I am not convinced by the encode_rev/decode_rev form. I don't think it very important to define involution, people can look for it if they need to. The reste of the docstring already explain the functionworks both way.

86

We need to index the entry anyway, so that won't change the line much. I find the current form clearer.

113–119

With more eyes, I am seeing what you are doing now. Yeah I think if would work. And it is more consistent with the recursivity used int he previous conditional block. Updating the patch,

122

I would rather move to _persist_trie. What do you think?

146

so it would be _persist_block()

156

and _persist_value()

marmoute retitled this revision from nodemap: have some python code serializing a nodemap to nodemap: have some python code writing a nodemap in persistent binary form.Jan 31 2020, 10:27 AM
marmoute edited the summary of this revision. (Show Details)
marmoute updated this revision to Diff 19750.
martinvonz added inline comments.Jan 31 2020, 2:20 PM
mercurial/revlogutils/nodemap.py
48–50

Unless the Python code is going to mmap the file contents directly into Python objects (which I don't think is going to happen), there will be serialization and deserialization involved.

67

I don't think it very important to define involution, people can look for it if they need to.

But it's helpful to be helpful, no?
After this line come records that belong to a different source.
(* Let $n\ge 6$ and let $R_n(3,3)$ be the graph obtained from two triangles $uv_1v_2$ and $uw_1w_2$ sharing exactly the vertex $u$ by attaching $n-5$ pendant edges (new leaves) to the vertex $v_1$. Then \[ \operatorname{avm}(R_n(3,3))=\frac{7n-27}{3n-11}. \]
   Context: For a finite simple graph $G$, $\operatorname{avm}(G)$ is the average of $|M|$ over all maximal matchings $M$ of $G$ (a matching is maximal if it is not properly contained in another matching). *)

From mathcomp Require Import all_boot all_order all_algebra.
Set Implicit Arguments. Unset Strict Implicit. Unset Printing Implicit Defensive.
Import GRing.Theory Num.Theory.
Local Open Scope ring_scope.

Section Matchings.
Variables (T : finType) (g : rel T).

(* Edge set of the graph g (intended symmetric and irreflexive):
   two-element sets {x,y} with g x y. *)
Definition edges : {set {set T}} :=
  [set e : {set T} | [exists x, exists y, (e == [set x; y]) && g x y]].

Definition is_matching (M : {set {set T}}) : bool :=
  (M \subset edges) &&
  [forall e in M, forall f in M, (e != f) ==> [disjoint e & f]].

Definition is_maximal_matching (M : {set {set T}}) : bool :=
  is_matching M &&
  [forall M' : {set {set T}}, (is_matching M' && (M \subset M')) ==> (M' == M)].

Definition maximal_matchings : {set {set {set T}}} :=
  [set M | is_maximal_matching M].

Definition avm : rat :=
  (\sum_(M in maximal_matchings) (#|M|)%:R) / (#|maximal_matchings|)%:R.
End Matchings.

(* R_n(3,3) on vertex set 'I_n: u = 0, v1 = 1, v2 = 2, w1 = 3, w2 = 4,
   leaves 5, ..., n-1 all adjacent to v1. *)
Definition r33_adj (a b : nat) : bool :=
  [|| (a == 0%N) && (b \in [:: 1; 2; 3; 4]%N),
      (a == 1%N) && (b == 2%N),
      (a == 3%N) && (b == 4%N) |
      (a == 1%N) && (5 <= b)%N].

Definition R33 (n : nat) : rel 'I_n :=
  fun x y => r33_adj x y || r33_adj y x.
Arguments R33 n : clear implicits.

From mathcomp Require Import all_boot all_order all_algebra zify.
Set Implicit Arguments. Unset Strict Implicit. Unset Printing Implicit Defensive.

(* A matching is maximal iff every edge of the graph meets one of its edges.
   In R_n(3,3) (u = 0, v1 = 1, v2 = 2, w1 = 3, w2 = 4, leaves l >= 5 hanging
   at v1) a maximal matching must therefore cover v1, by uv1, v1v2 or some v1l,
   and meet w1w2, by uw1, uw2 or w1w2; if it contains v1l and w1w2 it must
   also contain uv2.  This leaves the four matchings {v1v2,uw1}, {v1v2,uw2},
   {v1v2,w1w2}, {uv1,w1w2} of size 2 and, for each of the n - 5 leaves l, the
   three matchings {v1l,uv2,w1w2}, {v1l,uw1}, {v1l,uw2} of sizes 3, 2, 2:
   3n - 11 maximal matchings of total size 7n - 27. *)

Section MaximalMatchings.
Variables (T : finType) (g : rel T).
Implicit Types (a b c d : T) (e f : {set T}) (M S : {set {set T}}).

Definition meets e f := ~~ [disjoint e & f].

Definition dominates M := forall e, e \in edges g -> exists2 f, f \in M & meets e f.

Lemma set2_eq a b c d :
  ([set a; b] == [set c; d]) = ((a == c) && (b == d)) || ((a == d) && (b == c)).
Proof.
apply/eqP/idP => [/setP eq_ab_cd | /orP[] /andP[/eqP-> /eqP->] //]; last exact: setUC.
move: (eq_ab_cd a) (eq_ab_cd b) (eq_ab_cd c) (eq_ab_cd d); rewrite !inE !eqxx ?orbT /=.
move=> /esym/orP[]/eqP ? /esym/orP[]/eqP ? /orP[]/eqP ? /orP[]/eqP ?; subst;
  by rewrite ?eqxx ?orbT.
Qed.

Lemma disjoint_set2 a b c d :
  [disjoint [set a; b] & [set c; d]] = ~~ [|| a == c, a == d, b == c | b == d].
Proof.
apply/idP/idP => [disj | no_common].
  apply/negP; case/or4P => /eqP eq.
  - by have := disjointFr disj (set21 a b); rewrite eq set21.
  - by have := disjointFr disj (set21 a b); rewrite eq set22.
  - by have := disjointFr disj (set22 a b); rewrite eq set21.
  - by have := disjointFr disj (set22 a b); rewrite eq set22.
rewrite disjoint_subset; apply/subsetP => x; rewrite !inE.
by case/orP=> /eqP->; move: no_common; apply: contra => /orP[]->; rewrite ?orbT.
Qed.

Lemma meets_set2 a b c d :
  meets [set a; b] [set c; d] = [|| a == c, a == d, b == c | b == d].
Proof. by rewrite /meets disjoint_set2 negbK. Qed.

Lemma set2_edges a b : g a b -> [set a; b] \in edges g.
Proof.
by move=> gab; rewrite inE; apply/existsP; exists a; apply/existsP; exists b; rewrite eqxx.
Qed.

Lemma meets_edge e : e \in edges g -> meets e e.
Proof. by rewrite inE => /existsP[x /existsP[y /andP[/eqP-> _]]]; rewrite meets_set2 eqxx. Qed.

Lemma matching_edges M e : is_matching g M -> e \in M -> e \in edges g.
Proof. by case/andP=> /subsetP sub_edges _; apply: sub_edges. Qed.

Lemma matching_meets_eq M e f :
  is_matching g M -> e \in M -> f \in M -> meets e f -> e = f.
Proof.
case/andP=> _ /forall_inP disjM eM fM; apply: contraNeq => neq_ef.
exact: implyP (forall_inP (disjM e eM) f fM) neq_ef.
Qed.

Lemma matching_setU1 M e : is_matching g M -> e \in edges g ->
  (forall f, f \in M -> [disjoint e & f]) -> is_matching g (e |: M).
Proof.
case/andP=> /subsetP sub_edges /forall_inP disjM eE disj_e; apply/andP; split.
  by apply/subsetP => f /setU1P[-> // | /sub_edges].
apply/forall_inP => f /setU1P[-> | fM]; apply/forall_inP => h /setU1P[-> | hM];
  apply/implyP => neq.
- by rewrite eqxx in neq.
- exact: disj_e.
- by rewrite disjoint_sym; apply: disj_e.
- exact: (implyP (forall_inP (disjM f fM) h hM)).
Qed.

Lemma maximal_matchingP M :
  is_maximal_matching g M <-> is_matching g M /\ dominates M.
Proof.
split=> [/andP[mM /forallP maxM] | [mM domM]].
  split=> // e eE; apply/exists_inP; apply: contraT => /exists_inPn undominated.
  have mM' : is_matching g (e |: M).
    by apply: matching_setU1 => // f /undominated; rewrite negbK.
  have /eqP eq_M := implyP (maxM (e |: M)) (introT andP (conj mM' (subsetUr _ _))).
  by have := undominated e; rewrite -eq_M setU11 meets_edge //; apply.
apply/andP; split=> //; apply/forallP => M'; apply/implyP => /andP[mM' sub_M].
rewrite eqEsubset sub_M andbT; apply/subsetP => e eM'.
have [f fM mef] := domM e (matching_edges mM' eM').
by rewrite (matching_meets_eq mM' eM' (subsetP sub_M f fM) mef).
Qed.

Lemma dominating_sub_matching_eq M S :
  is_matching g M -> S \subset M -> dominates S -> M = S.
Proof.
move=> mM sub_M domS; apply/eqP; rewrite eqEsubset sub_M andbT; apply/subsetP => e eM.
have [f fS mef] := domS e (matching_edges mM eM).
by rewrite (matching_meets_eq mM eM (subsetP sub_M f fS) mef).
Qed.

Lemma matching_set1 e : e \in edges g -> is_matching g [set e].
Proof.
move=> eE; apply/andP; split; first by rewrite sub1set.
by apply/forall_inP => f /set1P-> ; apply/forall_inP => h /set1P->; rewrite eqxx.
Qed.

Lemma matching_set2 e f :
  e \in edges g -> f \in edges g -> [disjoint e & f] -> is_matching g [set e; f].
Proof. by move=> eE fE disj; apply: matching_setU1 (matching_set1 fE) eE _ => h /set1P->. Qed.

Lemma matching_set3 e f h : e \in edges g -> f \in edges g -> h \in edges g ->
  [disjoint e & f] -> [disjoint e & h] -> [disjoint f & h] -> is_matching g (e |: [set f; h]).
Proof.
move=> eE fE hE ef eh fh; apply: matching_setU1 (matching_set2 fE hE fh) eE _.
by move=> k /set2P[]->.
Qed.

Lemma exists2_set1 (P : {set T} -> Prop) e : P e -> exists2 f, f \in [set e] & P f.
Proof. by exists e; rewrite ?set11. Qed.

Lemma exists2_setU1l (P : {set T} -> Prop) e M : P e -> exists2 f, f \in e |: M & P f.
Proof. by exists e; rewrite ?setU11. Qed.

Lemma exists2_setU1r (P : {set T} -> Prop) e M :
  (exists2 f, f \in M & P f) -> exists2 f, f \in e |: M & P f.
Proof. by case=> f fM Pf; exists f; rewrite // setU1r. Qed.

End MaximalMatchings.

Section R33.
Variable m : nat.
Local Notation n := m.+4.+2.
Local Notation T := 'I_n.
Local Notation g := (R33 n).

Definition u : T := @Ordinal n 0 isT.
Definition v1 : T := @Ordinal n 1 isT.
Definition v2 : T := @Ordinal n 2 isT.
Definition w1 : T := @Ordinal n 3 isT.
Definition w2 : T := @Ordinal n 4 isT.
Definition first_leaf : T := @Ordinal n 5 isT.

Variant r33_edge_spec (e : {set T}) : Prop :=
  | EdgeUV1 of e = [set u; v1] | EdgeUV2 of e = [set u; v2]
  | EdgeUW1 of e = [set u; w1] | EdgeUW2 of e = [set u; w2]
  | EdgeV1V2 of e = [set v1; v2] | EdgeW1W2 of e = [set w1; w2]
  | EdgeLeaf (l : T) of 5 <= l & e = [set v1; l].

Ltac fold_vertices := repeat match goal with
  | |- context [@Ordinal _ 0 ?h] => rewrite (_ : Ordinal h = u); last exact: val_inj
  | |- context [@Ordinal _ 1 ?h] => rewrite (_ : Ordinal h = v1); last exact: val_inj
  | |- context [@Ordinal _ 2 ?h] => rewrite (_ : Ordinal h = v2); last exact: val_inj
  | |- context [@Ordinal _ 3 ?h] => rewrite (_ : Ordinal h = w1); last exact: val_inj
  | |- context [@Ordinal _ 4 ?h] => rewrite (_ : Ordinal h = w2); last exact: val_inj
  end.

Lemma r33_edgeP e : e \in edges g -> r33_edge_spec e.
Proof.
rewrite inE => /existsP[x /existsP[y /andP[/eqP-> gxy]]].
wlog adj : x y {gxy} / r33_adj x y.
  by move=> adjP; case/orP: gxy => /adjP //; rewrite setUC.
case: x y adj => [x lt_x_n] [y lt_y_n] /=.
case: x lt_x_n => [|[|[|[|[|x]]]]] lt_x_n; case: y lt_y_n => [|[|[|[|[|y]]]]] lt_y_n //= _;
  fold_vertices; by [constructor | eapply EdgeLeaf; last reflexivity].
Qed.

Definition code := ('I_4 + T * 'I_3)%type.

Definition codes : {set code} :=
  [set c : code | if c is inr (l, _) then 5 <= l else true].

Definition matching_of (c : code) : {set {set T}} :=
  match c with
  | inl i => match val i with
             | 0 => [set [set v1; v2]; [set u; w1]]
             | 1 => [set [set v1; v2]; [set u; w2]]
             | 2 => [set [set v1; v2]; [set w1; w2]]
             | _ => [set [set u; v1]; [set w1; w2]]
             end
  | inr (l, j) => match val j with
                  | 0 => [set v1; l] |: [set [set u; v2]; [set w1; w2]]
                  | 1 => [set [set v1; l]; [set u; w1]]
                  | _ => [set [set v1; l]; [set u; w2]]
                  end
  end.

Definition code_of (M : {set {set T}}) : code :=
  if [set v1; v2] \in M then
    inl (if [set u; w1] \in M then @Ordinal 4 0 isT
         else if [set u; w2] \in M then @Ordinal 4 1 isT else @Ordinal 4 2 isT)
  else if [set u; v1] \in M then inl (@Ordinal 4 3 isT)
  else if [pick l | [set v1; l] \in M] is Some l then
    inr (l, if [set u; v2] \in M then @Ordinal 3 0 isT
            else if [set u; w1] \in M then @Ordinal 3 1 isT else @Ordinal 3 2 isT)
  else inl (@Ordinal 4 0 isT).

Ltac ord_lia := rewrite -?val_eqE /=; lia.

Ltac solve_r33_edge := apply: set2_edges; rewrite /R33 /r33_adj /=; ord_lia.

Ltac dominate := first
  [ apply: exists2_set1; rewrite meets_set2; ord_lia
  | apply: exists2_setU1l; rewrite meets_set2; ord_lia
  | apply: exists2_setU1r; dominate ].

Ltac case_code := let c := fresh "c" in move=> c; rewrite inE;
  case: c => [[[|[|[|[|i]]]] lt_i4] | [l [[|[|[|j]]] lt_j3]]] //=.

Lemma dominates_matching_of : {in codes, forall c, dominates g (matching_of c)}.
Proof. case_code; move=> leaf_l e /r33_edgeP[||||||l' leaf_l'] ->; dominate. Qed.

Lemma matching_matching_of : {in codes, forall c, is_matching g (matching_of c)}.
Proof.
case_code; move=> leaf_l; first [apply: matching_set3 | apply: matching_set2];
  first [solve_r33_edge | rewrite disjoint_set2; ord_lia].
Qed.

Ltac decide_ifs :=
  repeat (case: ifP; rewrite ?inE ?set2_eq -?val_eqE /= => ?; try (exfalso; lia)).

Lemma matching_ofK : {in codes, cancel matching_of code_of}.
Proof.
case_code; move=> leaf_l; rewrite /code_of; decide_ifs; try by apply/eqP.
all: case: pickP => [l' | /(_ l)]; last by rewrite !inE eqxx.
all: rewrite !inE !set2_eq -!val_eqE /= => l'_l.
all: have -> : l' = l by apply: val_inj => /=; lia.
all: decide_ifs; by congr (inr (_, _)); apply: val_inj.
Qed.

Lemma matching_of_inj : {in codes &, injective matching_of}.
Proof. by move=> c c' cC c'C eq_cc'; rewrite -(matching_ofK cC) eq_cc' matching_ofK. Qed.

Lemma maximal_matching_covers_v1 M : is_maximal_matching g M ->
  [\/ [set u; v1] \in M, [set v1; v2] \in M | exists2 l : T, 5 <= l & [set v1; l] \in M].
Proof.
case/maximal_matchingP => mM /(_ [set v1; first_leaf] ltac:(solve_r33_edge)) [f fM].
case: (r33_edgeP (matching_edges mM fM)) => [||||||l leaf_l] ?; subst f;
  rewrite meets_set2 -?val_eqE /= => meet; try by exfalso; lia.
all: by [constructor 1 | constructor 2 | constructor 3; exists l].
Qed.

Lemma maximal_matching_covers_w1_or_w2 M : is_maximal_matching g M ->
  [\/ [set u; w1] \in M, [set u; w2] \in M | [set w1; w2] \in M].
Proof.
case/maximal_matchingP => mM /(_ [set w1; w2] ltac:(solve_r33_edge)) [f fM].
case: (r33_edgeP (matching_edges mM fM)) => [||||||l leaf_l] ?; subst f;
  rewrite meets_set2 -?val_eqE /= => meet; try by exfalso; lia.
all: by [constructor 1 | constructor 2 | constructor 3].
Qed.

Ltac refute_shared_vertex mM eM fM :=
  exfalso; move/eqP: (matching_meets_eq mM eM fM ltac:(rewrite meets_set2; ord_lia));
  rewrite set2_eq; ord_lia.

Lemma maximal_matching_forces_uv2 M (l : T) : is_maximal_matching g M -> 5 <= l ->
  [set v1; l] \in M -> [set w1; w2] \in M -> [set u; v2] \in M.
Proof.
case/maximal_matchingP => mM /(_ [set u; v2] ltac:(solve_r33_edge)) [f fM] meet.
move=> leaf_l v1lM w1w2M.
case: (r33_edgeP (matching_edges mM fM)) => [||||||l' leaf_l'] ?; subst f => //;
  first [ by move: meet; rewrite meets_set2; ord_lia
        | by refute_shared_vertex mM fM v1lM
        | by refute_shared_vertex mM fM w1w2M ].
Qed.

Ltac contains_matching c :=
  exists c; [by rewrite inE | by rewrite /= !subUset !sub1set; do !(apply/andP; split)].

Lemma maximal_matching_has_code M :
  is_maximal_matching g M -> exists2 c, c \in codes & M = matching_of c.
Proof.
move=> maxM; have /maximal_matchingP[mM _] := maxM.
suff [c cC sub_M] : exists2 c, c \in codes & matching_of c \subset M.
  by exists c => //; apply: dominating_sub_matching_eq mM sub_M (dominates_matching_of cC).
case: (maximal_matching_covers_v1 maxM) => [uv1M | v1v2M | [l leaf_l v1lM]];
  case: (maximal_matching_covers_w1_or_w2 maxM) => [uw1M | uw2M | w1w2M].
- by refute_shared_vertex mM uv1M uw1M.
- by refute_shared_vertex mM uv1M uw2M.
- by contains_matching (inl (@Ordinal 4 3 isT) : code).
- by contains_matching (inl (@Ordinal 4 0 isT) : code).
- by contains_matching (inl (@Ordinal 4 1 isT) : code).
- by contains_matching (inl (@Ordinal 4 2 isT) : code).
- by contains_matching (inr (l, @Ordinal 3 1 isT) : code).
- by contains_matching (inr (l, @Ordinal 3 2 isT) : code).
have uv2M := maximal_matching_forces_uv2 maxM leaf_l v1lM w1w2M.
by contains_matching (inr (l, @Ordinal 3 0 isT) : code).
Qed.

Lemma maximal_matchingsE : maximal_matchings g = matching_of @: codes.
Proof.
apply/setP => M; rewrite inE; apply/idP/imsetP => [/maximal_matching_has_code // | [c cC ->]].
by apply/maximal_matchingP; split; [exact: matching_matching_of | exact: dominates_matching_of].
Qed.

Lemma sum_codes (F : code -> nat) : \sum_(c in codes) F c =
  \sum_(i < 4) F (inl i) + \sum_(l : T | 5 <= l) \sum_(j < 3) F (inr (l, j)).
Proof.
rewrite (eq_bigl (fun c : code => if c is inr (l, _) then 5 <= l else true)) => [|c];
  last by rewrite inE.
rewrite big_sumType /= pair_big; congr (_ + _).
by apply: eq_big => [[l j] | [l j] _] //=; rewrite andbT.
Qed.

Lemma sum_leaves k : \sum_(l : T | 5 <= l) k = k * m.+1.
Proof. by rewrite big_mkcond !big_ord_recl /= sum_nat_const card_ord; lia. Qed.

Lemma card_codes : #|codes| = 3 * m.+1 + 4.
Proof. by rewrite -sum1_card sum_codes sum_leaves !sum_nat_const !card_ord; lia. Qed.

Lemma sum_card_matching_of : \sum_(c in codes) #|matching_of c| = 7 * m.+1 + 8.
Proof.
rewrite sum_codes !big_ord_recl big_ord0 /= !cards2 !set2_eq -!val_eqE /=.
under eq_bigr => l leaf_l.
  rewrite !big_ord_recl big_ord0 /= cardsU1 !cards2 !inE !set2_eq -!val_eqE /=.
  over.
by rewrite /= sum_leaves; lia.
Qed.

End R33.

Unset Implicit Arguments.
Import GRing.Theory.
Local Open Scope ring_scope.

Theorem lemma3p1 (n : nat) (hn : (6 <= n)%N) :
  avm (R33 n) = ((7 * n - 27)%N)%:R / ((3 * n - 11)%N)%:R :> rat.
Proof.
have [m ->] : exists m, n = m.+4.+2 by exists (n - 6)%N; lia.
rewrite /avm maximal_matchingsE (card_in_imset (@matching_of_inj m)) card_codes.
rewrite -natr_sum (big_imset _ (@matching_of_inj m)) sum_card_matching_of.
by congr (_%:R / _%:R); lia.
Qed.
Is there a good reason *not* to try to help? Maybe I'm in a small minority who didn't know what an involution is?

86

I don't see why you'd be against enumerate() here. Are you simply against enumerate() in general?

marmoute added inline comments.Jan 31 2020, 2:34 PM
mercurial/revlogutils/nodemap.py
48–50

The Python code is not meant to be use in production, especially not the parsing one (because it bring no advantage).

So I want the API to be named after the actual semantic, not after this annecdotical python code.

86

I am not against enumerate in general, I just feel like direct indexing is clearer here (and the different is not that important here anyway).

marmoute updated this revision to Diff 19779.Jan 31 2020, 2:43 PM
marmoute added inline comments.Feb 2 2020, 3:15 AM
mercurial/revlogutils/nodemap.py
86

Also, using enumerate in the incremental version of this code would make things sinificantly messier, so it won't. And keeping the two code similar has value.

marmoute updated this revision to Diff 19824.Feb 2 2020, 3:17 AM

small doc update on .#s[1]

marmoute updated this revision to Diff 19882.Feb 4 2020, 7:23 PM

rebase to latest default

martinvonz added inline comments.Feb 4 2020, 7:40 PM
mercurial/revlogutils/nodemap.py
48–50

The actual semantic of this code (the Python code) is to serialize the data. To me, "persist" implies writing it to disk, which is not what this code does. I think it's just misleading to call it that even if the Rust code will actually be writing directly to disk.

marmoute added inline comments.Feb 5 2020, 3:43 AM
mercurial/revlogutils/nodemap.py
48–50

On my side, I feel like serialize is misleading because this is not meant to have a "deserialization" phase taht reconstruct the data in memory.

Can we wait for the bulk of the code to be in before we decide on a name and do a (simpler) changeset to align things to the naming scheme?

marmoute updated this revision to Diff 20015.Feb 7 2020, 5:28 PM
This revision was not accepted when it landed; it landed in state Needs Review.
This revision was automatically updated to reflect the committed changes.